- Task brief
Your task is to copy the lines of the data below from the line holding "Lemma pow2_pos n : 0 < 2 ^ n." through the line holding "rewrite <- is_lim_spec.", inclusive, exactly and with nothing added.
★ ★ ★ ★ ★
Lemma half_width_double D p m : (half_width D p m + half_width D p m <= D)%N.
Proof. by rewrite /half_width /kcl /kfl; case: p; case: (odd m) => /=; lia. Qed.

Lemma leq_half_width D p m w : (w + w < D)%N -> (w <= half_width D p m)%N.
Proof. by rewrite /half_width /kcl /kfl; case: p; case: (odd m) => /=; lia. Qed.

Lemma half_width_mid D p m w : (w + w <= D)%N -> (half_width D p m < w)%N ->
  (w + w = D)%N /\ odd (p + m).
Proof.
rewrite oddD oddb /half_width /kcl /kfl.
by case: p; case: (odd m) => /=; split; lia.
Qed.

Lemma sum_half_width_odd r D : (\sum_(m < r) half_width D true m)%N = Nr r D.
Proof.
rewrite /Nr; elim: r => [|r IH]; first by rewrite big_ord0 muln0 div0n.
rewrite big_ord_recr /= IH /half_width /kcl /kfl.
by have := odd_double_half r; case: (odd r) => /=; lia.
Qed.

Lemma sum_half_width_even r D :
  (\sum_(m < r) half_width D false m)%N = (r * (D - 1) - Nr r D)%N.
Proof.
rewrite -sum_half_width_odd.
have -> : (r * (D - 1))%N =
    (\sum_(m < r) (half_width D false m + half_width D true m))%N.
  under eq_bigr do rewrite (half_width_complement D false).
  by rewrite sum_nat_const card_ord.
by rewrite big_split /= addnK.
Qed.

Definition fold_col (D : nat) (x : nat * nat) : nat * nat :=
  (x.1, if (x.2 + x.2 <= D)%N then x.2 else (D - x.2)%N).

Definition fold_sign (D : nat) (p : bool) (x : nat * nat) : rat :=
  if (x.2 + x.2 <= D)%N then 1 else (-1) ^+ (p + x.1).

Lemma fold_sign_negb D p x : (D < x.2 + x.2)%N ->
  fold_sign D (~~ p) x = - fold_sign D p x.
Proof.
rewrite /fold_sign ltnNge => /negbTE ->.
by case: p; rewrite /= ?exprS ?mulN1r ?opprK.
Qed.

Lemma bentry_fold r D p a x : (2 < D)%N -> (1 < a)%N -> odd a = p ->
  x \in cols_all r D ->
  bentry D a x = if fold_col D x \in col_pairs r (half_width D p)
                 then bentry D a (fold_col D x) * fold_sign D p x else 0.
Proof.
case: x => m v D_gt2 a_gt1 odd_a; rewrite mem_col_pairs mem_col_pairs /=.
rewrite /fold_col /fold_sign /= => /and3P [lt_mr v_gt0 le_vD1].
case: (leqP (v + v) D) => [v_half | v_large]; rewrite lt_mr /=.
  rewrite v_gt0 mulr1; case: ifP => // /negbT; rewrite -ltnNge => v_mid.
  have [v_eq] := half_width_mid v_half v_mid; rewrite oddD oddb => odd_pm.
  by apply: bentry_mid; rewrite ?oddD ?odd_a //; lia.
have le_vD : (v <= D)%N by lia.
have -> : (0 < D - v <= half_width D p m)%N.
  by rewrite subn_gt0 leq_half_width; lia.
rewrite -{1}(subKn le_vD) bentry_reflect; try lia.
by rewrite mulrC -signr_odd oddD odd_a -[in RHS]signr_odd oddD oddb.
Qed.

Definition parity_fold_mx (r D : nat) (p : bool) (n N : nat) : 'M[rat]_(n, N) :=
  fold_mx (0%N, 0%N) n N (col_pairs r (half_width D p)) (cols_all r D)
    (fold_col D) (fold_sign D p).

Lemma bentry_mx_fold r D p m n N (rows : nat -> nat) : (2 < D)%N ->
  size (col_pairs r (half_width D p)) = n -> size (cols_all r D) = N ->
  (forall i : 'I_m, (1 < rows i)%N /\ odd (rows i) = p) ->
  \matrix_(i < m, j < N) bentry D (rows i) (nth (0%N, 0%N) (cols_all r D) j) =
  \matrix_(i < m, k < n)
     bentry D (rows i) (nth (0%N, 0%N) (col_pairs r (half_width D p)) k)
  *m parity_fold_mx r D p n N.
Proof.
move=> D_gt2 size_s size_c rowsP.
apply: (fold_mx_factor size_s (uniq_col_pairs _ _)
  (F := fun i => bentry D (rows i))) => i j.
have [rows_gt1 odd_rows] := rowsP i.
by apply: bentry_fold => //; rewrite mem_nth // size_c.
Qed.

Lemma bdet_parity_split r D n1 n2 (rows : nat -> nat) : (2 < D)%N ->
  size (cols1 r D) = n1 -> size (cols2 r D) = n2 ->
  size (cols_all r D) = (n1 + n2)%N ->
  (forall i, (i < n1 + n2)%N -> (1 < rows i)%N) ->
  (forall i, (i < n1)%N -> odd (rows i)) ->
  (forall i, (i < n2)%N -> ~~ odd (rows (n1 + i)%N)) ->
  bdet D (n1 + n2) rows (cols_all r D) =
  \det (col_mx (parity_fold_mx r D true n1 (n1 + n2))
               (parity_fold_mx r D false n2 (n1 + n2))) *
  bdet D n1 rows (cols1 r D) * bdet D n2 (fun i => rows (n1 + i)%N) (cols2 r D).
Proof.
move=> D_gt2 size1 size2 size_c rows_gt1 odd_top even_bot.
rewrite /bdet (matrix_col_split n1 n2
  (fun i j => bentry D (rows i) (nth (0%N, 0%N) (cols_all r D) j))).
rewrite (bentry_mx_fold (p := true) D_gt2 size1 size_c); last first.
  by move=> i; split; [apply: rows_gt1; rewrite ltn_addr | exact: odd_top].
rewrite (bentry_mx_fold (p := false) (rows := fun i => rows (n1 + i)%N) D_gt2
  size2 size_c); last first.
  move=> i; split; first by apply: rows_gt1; rewrite ltn_add2l.
  exact/negbTE/even_bot.
by rewrite det_col_mx_mul mulrC mulrA.
Qed.

Lemma parity_fold_mx_ker r D p n n' N (u : 'rV[rat]_n) (u' : 'rV[rat]_n') :
  (2 < D)%N -> size (col_pairs r (half_width D p)) = n ->
  size (col_pairs r (half_width D (~~ p))) = n' -> size (cols_all r D) = N ->
  u *m parity_fold_mx r D p n N + u' *m parity_fold_mx r D (~~ p) n' N = 0 ->
  u = 0.
Proof.
move=> D_gt2 size_s size_s' size_c uS0.
set s := col_pairs r (half_width D p) in size_s *.
set s' := col_pairs r (half_width D (~~ p)) in size_s' *.
have coordE x : x \in cols_all r D ->
    seq_coord (0%N, 0%N) s u (fold_col D x) * fold_sign D p x +
    seq_coord (0%N, 0%N) s' u' (fold_col D x) * fold_sign D (~~ p) x = 0.
  move=> x_in; have x_idx : (index x (cols_all r D) < N)%N.
    by rewrite -size_c index_mem.
  have := congr1 (fun M : 'rV_N => M 0 (Ordinal x_idx)) uS0.
  by rewrite [LHS]mxE [RHS]mxE !mul_fold_mx /= nth_index.
apply/rowP => k; rewrite mxE.
rewrite -(seq_coord_nth (0%N, 0%N) size_s (uniq_col_pairs _ _)).
have : nth (0%N, 0%N) s k \in s by rewrite mem_nth // size_s.
case: (nth _ s k) => m w; rewrite mem_col_pairs /= => /and3P [lt_mr w_gt0 le_w].
have w_half : (w + w <= D)%N by have := half_width_double D p m; lia.
have := coordE (m, w).
rewrite mem_col_pairs /= lt_mr w_gt0 /fold_col /fold_sign /=.
rewrite w_half !mulr1 => /(_ ltac:(lia)).
case: (boolP ((m, w) \in s')) => [w_in' | /(seq_coord_notin _ size_s') ->];
  last by rewrite addr0.
have w_lt : (w + w < D)%N.
  move: w_in'; rewrite mem_col_pairs /= => /and3P [_ _ le_w'].
  by have := half_width_complement D p m; lia.
have wD : (D - w + (D - w) <= D)%N = false by apply/negbTE; rewrite -ltnNge; lia.
have := coordE (m, (D - w)%N).
rewrite mem_col_pairs /= lt_mr /= => /(_ ltac:(lia)).
rewrite fold_sign_negb /=; last by lia.
rewrite /fold_col /fold_sign /= wD subKn; last by lia.
by rewrite -signr_odd; case: odd; rewrite ?expr0 ?expr1 => E2 E1; lra.
Qed.
(* Let $n,m\ge1$. For each $i\in[n]$ let $d_i$ be a positive integer and $p_{i0}<p_{i1}<\cdots<p_{id_i}$ reals, and let $\mathcal{X}=\prod_{i\in[n]}\{p_{i0},\dots,p_{id_i}\}$. Let $P=\{\boldsymbol{x}\in\mathbb{R}^n: A\boldsymbol{x}\ge \boldsymbol{h}\}$ be a polytope. For each $t\in[m]$ and $i\in[n]$ let $f^t_i:\{p_{i0},\dots,p_{id_i}\}\to[L^t_i,U^t_i]$ and let $\phi^t:\prod_{i\in[n]}[L^t_i,U^t_i]\to\mathbb{R}$ be arbitrary. Define the lifted affine functions $\ell^t_i(\boldsymbol{z}_i)=f^t_i(p_{i0})+\sum_{j\in[d_i]}(f^t_i(p_{ij})-f^t_i(p_{i,j-1}))z_{ij}$ and the finite set $$G=\bigl\{(\boldsymbol{z},\boldsymbol{\mu})\in\operatorname{vert}(\Delta)\times\mathbb{R}^m:\ \mu^t=\phi^t(\ell^t_1(\boldsymbol{z}_1),\dots,\ell^t_n(\boldsymbol{z}_n))\ \forall t\in[m]\bigr\}.$$ Let $E=\{(\boldsymbol{x},\boldsymbol{z},\boldsymbol{\mu}): (\boldsymbol{z},\boldsymbol{\mu})\in\operatorname{conv}(G),\ \boldsymbol{x}\in P,\ \boldsymbol{z}\in\{0,1\}^{\sum_i d_i},\ (x_i,\boldsymbol{z}_i)\in B_i\ \forall i\in[n]\}$. Then $E$ is an MIP formulation of the graph $\{(\boldsymbol{x},\boldsymbol{\mu}):\boldsymbol{x}\in P\cap\mathcal{X},\ \mu^t=\phi^t(f^t_1(x_1),\dots,f^t_n(x_n))\ \forall t\in[m]\}$. Moreover, when the polyhedral constraint is absent (i.e. $P$ is replaced by $\mathbb{R}^n$), this formulation is ideal.
   Context: $[n]=\{1,\dots,n\}$. For a positive integer $d$, $\Delta^d=\{\boldsymbol{z}\in\mathbb{R}^d:1\ge z_1\ge z_2\ge\cdots\ge z_d\ge0\}$; $\Delta=\Delta^{d_1}\times\cdots\times\Delta^{d_n}$ with $\boldsymbol{z}=(\boldsymbol{z}_1,\dots,\boldsymbol{z}_n)$, $\boldsymbol{z}_i=(z_{i1},\dots,z_{id_i})$; its vertex set is $\operatorname{vert}(\Delta)=\Delta\cap\{0,1\}^{\sum_i d_i}$. The unary binarization polytope is $B_i=\{(x_i,\boldsymbol{z}_i): x_i=p_{i0}+\sum_{j\in[d_i]}(p_{ij}-p_{i,j-1})z_{ij},\ \boldsymbol{z}_i\in\Delta^{d_i}\}$. An MIP formulation of a set $S$ is a set $E=\{(\boldsymbol{x},\boldsymbol{y},\boldsymbol{z})\in Q:\boldsymbol{z}\text{ binary}\}$, $Q$ a polyhedron, whose projection onto the original variables equals $S$; it is ideal if every vertex of its LP relaxation $Q$ (obtained by dropping the binary requirement) has binary $\boldsymbol{z}$. *)

From HB Require Import structures.
From mathcomp Require Import all_boot all_order all_algebra.
Set Implicit Arguments. Unset Strict Implicit. Unset Printing Implicit Defensive.
Import Order.TTheory GRing.Theory Num.Theory.
Local Open Scope ring_scope.

Section Geometry.
Variable R : realFieldType.

Definition in_conv (I : Type) (S : (I -> R) -> Prop) (y : I -> R) : Prop :=
  exists (k : nat) (lam : 'I_k -> R) (pt : 'I_k -> I -> R),
    [/\ forall j, 0 <= lam j, \sum_(j < k) lam j = 1, forall j, S (pt j) &
        forall c, y c = \sum_(j < k) lam j * pt j c].

Definition polyhedron (I : finType) (Q : (I -> R) -> Prop) : Prop :=
  exists (k : nat) (a : 'I_k -> I -> R) (b : 'I_k -> R),
    forall y, Q y <-> forall r, b r <= \sum_(c : I) a r c * y c.

Definition vertex (I : Type) (Q : (I -> R) -> Prop) (y : I -> R) : Prop :=
  Q y /\ forall (y1 y2 : I -> R) (lam : R), Q y1 -> Q y2 -> 0 < lam < 1 ->
    (forall c, y c = lam * y1 c + (1 - lam) * y2 c) -> forall c, y1 c = y2 c.
(* Let $L$ be a link that is not an unlink. Then for every even $n \ge 2$, $\beta_n(L) \le \beta_{3n+1}(L)$.
   Context: An $n$-crossing ($n\ge 2$) in a link projection is a point where $n$ strands meet, each bisecting the crossing, with the strands assigned distinct levels $1,\dots,n$ (level $1$ on top) recording their heights. An $m$-string $n$-crossing braid is a braid diagram on $m$ strings all of whose crossings are $n$-crossings; each such crossing involves strings in consecutive positions $j,\dots,j+n-1$ and reverses their order. The $n$-crossing braid index $\beta_n(L)$ is the minimum number of strings of an $n$-crossing braid whose closure is isotopic to $L$, with $\beta_n(L)=\infty$ if none exists. *)

(* Combinatorial model of links via braid
   closures: a link is represented by a braid (m strands, word w); two braid
   closures are isotopic iff the braids are Markov-equivalent (Alexander and
   Markov theorems). *)
From mathcomp Require Import all_boot.
Set Implicit Arguments. Unset Strict Implicit. Unset Printing Implicit Defensive.

(* A generator (i, true) is sigma_i (crossing of the strands in positions
   i and i+1, 0-based, left strand over); (i, false) is sigma_i^{-1}. *)
Definition gen := (nat * bool)%type.

Definition braid_wf (m : nat) (w : seq gen) : bool :=
  all (fun g : gen => g.1.+1 < m) w.

Inductive braid_rel : seq gen -> seq gen -> Prop :=
| br_cancel i e : braid_rel [:: (i, e); (i, ~~ e)] [::]
| br_far i k e f : i.+1 < k -> braid_rel [:: (i, e); (k, f)] [:: (k, f); (i, e)]
| br_braid i : braid_rel [:: (i, true); (i.+1, true); (i, true)]
                         [:: (i.+1, true); (i, true); (i.+1, true)].

Inductive markov : nat -> seq gen -> nat -> seq gen -> Prop :=
| mk_refl m w : markov m w m w
| mk_sym m w m' w' : markov m w m' w' -> markov m' w' m w
| mk_trans m w m' w' m'' w'' :
    markov m w m' w' -> markov m' w' m'' w'' -> markov m w m'' w''
| mk_rel m u l r v : braid_wf m (u ++ l ++ v) -> braid_wf m (u ++ r ++ v) ->
    braid_rel l r -> markov m (u ++ l ++ v) m (u ++ r ++ v)
| mk_conj m g w : braid_wf m (g :: w) -> markov m (g :: w) m (rcons w g)
| mk_stab m w e : 0 < m -> braid_wf m w -> markov m w m.+1 (rcons w (m.-1, e)).

Definition is_unlink (m0 : nat) (w0 : seq gen) : Prop :=
  exists2 k, 0 < k & markov k [::] m0 w0.

(* Expansion of a multi-crossing into classical crossings.  The strands in
   positions j, j+1, ..., j+n-1 have levels s`_0, ..., s`_(n-1) (level 1 on
   top); the crossing reverses their order, each pair crossing once, with the
   lower-level (higher) strand over. *)
Fixpoint bubble (j : nat) (a : nat) (s : seq nat) : seq gen :=
  match s with
  | [::] => [::]
  | b :: s' => (j, a < b) :: bubble j.+1 a s'
  end.

Fixpoint mcross_word (j : nat) (s : seq nat) : seq gen :=
  match s with
  | [::] => [::]
  | a :: s' => bubble j a s' ++ mcross_word j s'
  end.

Definition valid_ncross (n m : nat) (c : nat * seq nat) : bool :=
  (c.1 + n <= m) && perm_eq c.2 (iota 1 n).

Definition ncb_word (cs : seq (nat * seq nat)) : seq gen :=
  flatten [seq mcross_word c.1 c.2 | c <- cs].

Definition ncb_closure (n m : nat) (m0 : nat) (w0 : seq gen) : Prop :=
  exists cs : seq (nat * seq nat),
    [/\ 0 < m, all (valid_ncross n m) cs & markov m (ncb_word cs) m0 w0].

From mathcomp Require Import all_boot zify.
Set Implicit Arguments. Unset Strict Implicit. Unset Printing Implicit Defensive.

(* Write n = 2h and label the strands entering a multi-crossing by their levels.
   Expanded into classical crossings, a multi-crossing is a descending word: each
   classical crossing puts the strand with the smaller label on top, and the word
   reverses the labels.  Two descending words that start from the same distinct labels
   and end with the same labelling are equal in the braid group, since each of them,
   followed by the combing word of the final labelling (pull the smallest label to the
   front over all other strands, then comb the rest), equals the combing word of the
   initial labelling.
   Cut the 6h+1 strands of a (3n+1)-crossing into five blocks of h strands and a last
   block of h+1.  Five passes, each carrying the front block to the back by reversals of
   2h consecutive strands, reverse the whole sequence.  Realising every such reversal by
   a 2h-crossing whose levels are the current ranks of the labels yields a descending word
   with the same final labelling, that is, an n-crossing braid on the same strings whose
   closure is isotopic to the original one. *)

Inductive braid_eq (m : nat) : seq gen -> seq gen -> Prop :=
| braid_eq_refl w : braid_eq m w w
| braid_eq_sym u v : braid_eq m u v -> braid_eq m v u
| braid_eq_trans u v w : braid_eq m u v -> braid_eq m v w -> braid_eq m u w
| braid_eq_rel u l r v : braid_wf m (u ++ l ++ v) -> braid_wf m (u ++ r ++ v) ->
    braid_rel l r -> braid_eq m (u ++ l ++ v) (u ++ r ++ v).

Lemma braid_eq_markov m u v : braid_eq m u v -> markov m u m v.
Proof.
elim=> {u v} [w|u v _|u v w _ IHuv _ IHvw|u l r v wl wr lr].
- exact: mk_refl.
- exact: mk_sym.
- exact: mk_trans IHuv IHvw.
- exact: mk_rel.
Qed.

Lemma braid_wf_cat m u v : braid_wf m (u ++ v) = braid_wf m u && braid_wf m v.
Proof. exact: all_cat. Qed.

Lemma braid_wf_widen m m' w : m <= m' -> braid_wf m w -> braid_wf m' w.
Proof. by move=> le_mm'; apply: sub_all => g /= /leq_trans; apply. Qed.

Lemma braid_eq_wf m u v : braid_eq m u v -> braid_wf m u = braid_wf m v.
Proof. by elim=> {u v} [|u v _ ->|u v w _ -> _ ->|u l r v -> ->]. Qed.
(* Let $T$ be Takagi's function on $[0,1]$, $T(x)=\sum_{n=1}^\infty 2^{-n}\phi^{(n)}(x)$, with $\phi(x)=2x$ on $[0,1/2]$, $\phi(x)=2-2x$ on $[1/2,1]$. Let $x\in(0,1)$ be non-dyadic, with binary expansion $x=\sum_{k\ge1}2^{-k}\varepsilon_k$, and write $x=\sum_{n\ge1}2^{-a_n}$, $1-x=\sum_{n\ge1}2^{-b_n}$ with $\{a_n\},\{b_n\}$ strictly increasing sequences of positive integers. Then the limit $$\lim_{h\to0}\frac{T(x+h)-T(x)}{h\log_2(1/|h|)}$$ exists if and only if $x$ is density-regular, in which case the limit equals $d_0(x)-d_1(x)$.
   Context: $d_1(x):=\lim_{n\to\infty}\frac1n\sum_{k=1}^n\varepsilon_k$ (when it exists) and $d_0(x):=1-d_1(x)$. The point $x$ is density-regular if $d_1(x)$ exists and one of the following holds: (a) $0<d_1(x)<1$; (b) $d_1(x)=0$ and $a_{n+1}/a_n\to1$; (c) $d_1(x)=1$ and $b_{n+1}/b_n\to1$. A dyadic point is one of the form $k/2^m$. *)

From Stdlib Require Import Reals Lra.
From Coquelicot Require Import Coquelicot.
Open Scope R_scope.

(* Tent map phi(x) = 2x on [0,1/2], 2-2x on [1/2,1] (extended by the same
   formulas outside [0,1]; only values on [0,1] matter). *)
Definition phi (x : R) : R := if Rle_dec x (/2) then 2 * x else 2 - 2 * x.

Definition takagi (x : R) : R :=
  Series (fun n : nat => (/2) ^ (S n) * Nat.iter (S n) phi x).

Definition dyadic (x : R) : Prop :=
  exists k m : nat, x = INR k / 2 ^ m.

Definition binary_expansion (x : R) (eps : nat -> nat) : Prop :=
  (forall k, (1 <= k)%nat -> (eps k = 0 \/ eps k = 1)%nat) /\
  is_series (fun k : nat => INR (eps (S k)) / 2 ^ (S k)) x.

(* y = sum_{n>=1} 2^{-a_n}, with (a_n)_{n>=1} strictly increasing positive
   integers; indexed here from 0: a 0, a 1, ... *)
Definition power_sum_repr (y : R) (a : nat -> nat) : Prop :=
  (0 < a 0)%nat /\ (forall n, (a n < a (S n))%nat) /\
  is_series (fun n : nat => / 2 ^ (a n)) y.

(* (1/n) sum_{k=1}^n eps_k, for n >= 1 (here index n corresponds to n+1 digits). *)
Definition digit_avg (eps : nat -> nat) (n : nat) : R :=
  sum_n (fun k => INR (eps (S k))) n / INR (S n).

Definition has_density1 (eps : nat -> nat) (d : R) : Prop :=
  is_lim_seq (digit_avg eps) d.

Definition density_regular_with (eps a b : nat -> nat) (d : R) : Prop :=
  has_density1 eps d /\
  ( (0 < d < 1)
  \/ (d = 0 /\ is_lim_seq (fun n => INR (a (S n)) / INR (a n)) 1)
  \/ (d = 1 /\ is_lim_seq (fun n => INR (b (S n)) / INR (b n)) 1) ).

Definition density_regular (eps a b : nat -> nat) : Prop :=
  exists d, density_regular_with eps a b d.

Definition log2 (y : R) : R := ln y / ln 2.

Definition takagi_quot (x h : R) : R :=
  (takagi (x + h) - takagi x) / (h * log2 (/ Rabs h)).

From Stdlib Require Import Reals Lra Lia ZArith.
From Coquelicot Require Import Coquelicot.
Open Scope R_scope.

(* T(y) = sum_n 2^-n dist(2^n y, Z). On the J-th dyadic interval around x the first J terms
   are affine with total slope D_J = #{k <= J | eps k = 0} - #{k <= J | eps k = 1}, while
   each later term moves by at most |h| and their tail beyond level N is at most 2^-N.
   So if eps (J+1) = 0 and 2^-N < h <= 2^-(J+1), the quotient is D_J / J up to
   O((N - J) / J). Taking J + 1 = b n and N = b (n+1), the right-hand limit exists and
   equals lim D_J / J = 1 - 2 d_1 when b (n+1) / b n -> 1; this is automatic if d_1 < 1,
   since a long gap in (b n) is a long run of ones in the expansion. Left-hand limits at x
   are right-hand limits at 1 - x, because T(1 - y) = T(y).
   Conversely, testing the quotient at |h| ~ 2^-m forces D_m / m -> L. At the mirror image
   of x in the dyadic point ending a run of ones the quotient is exactly D_J / log2(1/|h|),
   so if L <> 0 then log2(1/|h|) ~ J, which says b (n+1) / b n -> 1. *)

Lemma pow2_pos n : 0 < 2 ^ n.
Proof. apply pow_lt; lra. Qed.

Lemma inv_pow2_pos n : 0 < / 2 ^ n.
Proof. apply Rinv_0_lt_compat, pow2_pos. Qed.

Lemma inv_pow2_S n : / 2 ^ S n = / 2 * / 2 ^ n.
Proof. simpl. rewrite Rinv_mult. reflexivity. Qed.

Lemma inv_pow2_le m n : (m <= n)%nat -> / 2 ^ n <= / 2 ^ m.
Proof.
  intros. apply Rinv_le_contravar; [apply pow2_pos|]. apply Rle_pow; lra || assumption.
Qed.

Lemma pow_half_mul n : (/2) ^ n * 2 ^ n = 1.
Proof. rewrite <- Rpow_mult_distr, Rinv_l by lra. apply pow1. Qed.

Lemma Rabs_sub_triang a b c : Rabs (a - c) <= Rabs (a - b) + Rabs (b - c).
Proof. replace (a - c) with ((a - b) + (b - c)) by ring. apply Rabs_triang. Qed.

Lemma Rabs_div_sub1_lt p q e : 0 < p -> Rabs (q - p) < e * p -> Rabs (q / p - 1) < e.
Proof.
  intros Hp Hqp. replace (q / p - 1) with ((q - p) / p) by (field; lra).
  rewrite Rabs_div, (Rabs_right p) by lra.
  apply (Rmult_lt_reg_r p); [assumption|]. unfold Rdiv. rewrite Rmult_assoc, Rinv_l; lra.
Qed.

Lemma is_lim_0_spec f (l : R) : is_lim f 0 l <->
  (forall e, 0 < e -> exists d, 0 < d /\
     forall h, Rabs h < d -> h <> 0 -> Rabs (f h - l) < e).
Proof.
  rewrite <- is_lim_spec. simpl. unfold locally', within, locally, ball. simpl.
  unfold AbsRing_ball, abs, minus, plus, opp. simpl. rewrite Ropp_0.
  split.
  - intros H e He. destruct (H (mkposreal e He)) as [[d Hd] Hd'].
    exists d. split; [assumption|]. intros h Hh Hn. apply Hd'; [|assumption].
    simpl. rewrite Rplus_0_r. assumption.
  - intros H [e He]. destruct (H e He) as [d [Hd Hd']]. exists (mkposreal d Hd).
    simpl. intros h Hh Hn. rewrite Rplus_0_r in Hh. apply Hd'; assumption.
Qed.

Lemma is_lim_seq_spec' (u : nat -> R) (l : R) : is_lim_seq u l <->
  (forall e, 0 < e -> exists N, forall n, (N <= n)%nat -> Rabs (u n - l) < e).
Proof.
  rewrite <- is_lim_seq_spec. split.
  - intros H e He. destruct (H (mkposreal e He)) as [N HN]. exists N. assumption.
  - intros H [e He]. destruct (H e He) as [N HN]. exists N. assumption.
Qed.

Lemma is_lim_seq_affine (u : nat -> R) (l a c : R) :
  is_lim_seq u l -> is_lim_seq (fun n => a * u n + c) (a * l + c).
Proof.
  intros Hu. apply is_lim_seq_plus'; [|apply is_lim_seq_const].
  apply (is_lim_seq_scal_l _ a l Hu).
Qed.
★ ★ ★ ★ ★
- Final answer
Lemma pow2_pos n : 0 < 2 ^ n.
Proof. apply pow_lt; lra. Qed.

Lemma inv_pow2_pos n : 0 < / 2 ^ n.
Proof. apply Rinv_0_lt_compat, pow2_pos. Qed.

Lemma inv_pow2_S n : / 2 ^ S n = / 2 * / 2 ^ n.
Proof. simpl. rewrite Rinv_mult. reflexivity. Qed.

Lemma inv_pow2_le m n : (m <= n)%nat -> / 2 ^ n <= / 2 ^ m.
Proof.
  intros. apply Rinv_le_contravar; [apply pow2_pos|]. apply Rle_pow; lra || assumption.
Qed.

Lemma pow_half_mul n : (/2) ^ n * 2 ^ n = 1.
Proof. rewrite <- Rpow_mult_distr, Rinv_l by lra. apply pow1. Qed.

Lemma Rabs_sub_triang a b c : Rabs (a - c) <= Rabs (a - b) + Rabs (b - c).
Proof. replace (a - c) with ((a - b) + (b - c)) by ring. apply Rabs_triang. Qed.

Lemma Rabs_div_sub1_lt p q e : 0 < p -> Rabs (q - p) < e * p -> Rabs (q / p - 1) < e.
Proof.
  intros Hp Hqp. replace (q / p - 1) with ((q - p) / p) by (field; lra).
  rewrite Rabs_div, (Rabs_right p) by lra.
  apply (Rmult_lt_reg_r p); [assumption|]. unfold Rdiv. rewrite Rmult_assoc, Rinv_l; lra.
Qed.

Lemma is_lim_0_spec f (l : R) : is_lim f 0 l <->
  (forall e, 0 < e -> exists d, 0 < d /\
     forall h, Rabs h < d -> h <> 0 -> Rabs (f h - l) < e).
Proof.
  rewrite <- is_lim_spec. simpl. unfold locally', within, locally, ball. simpl.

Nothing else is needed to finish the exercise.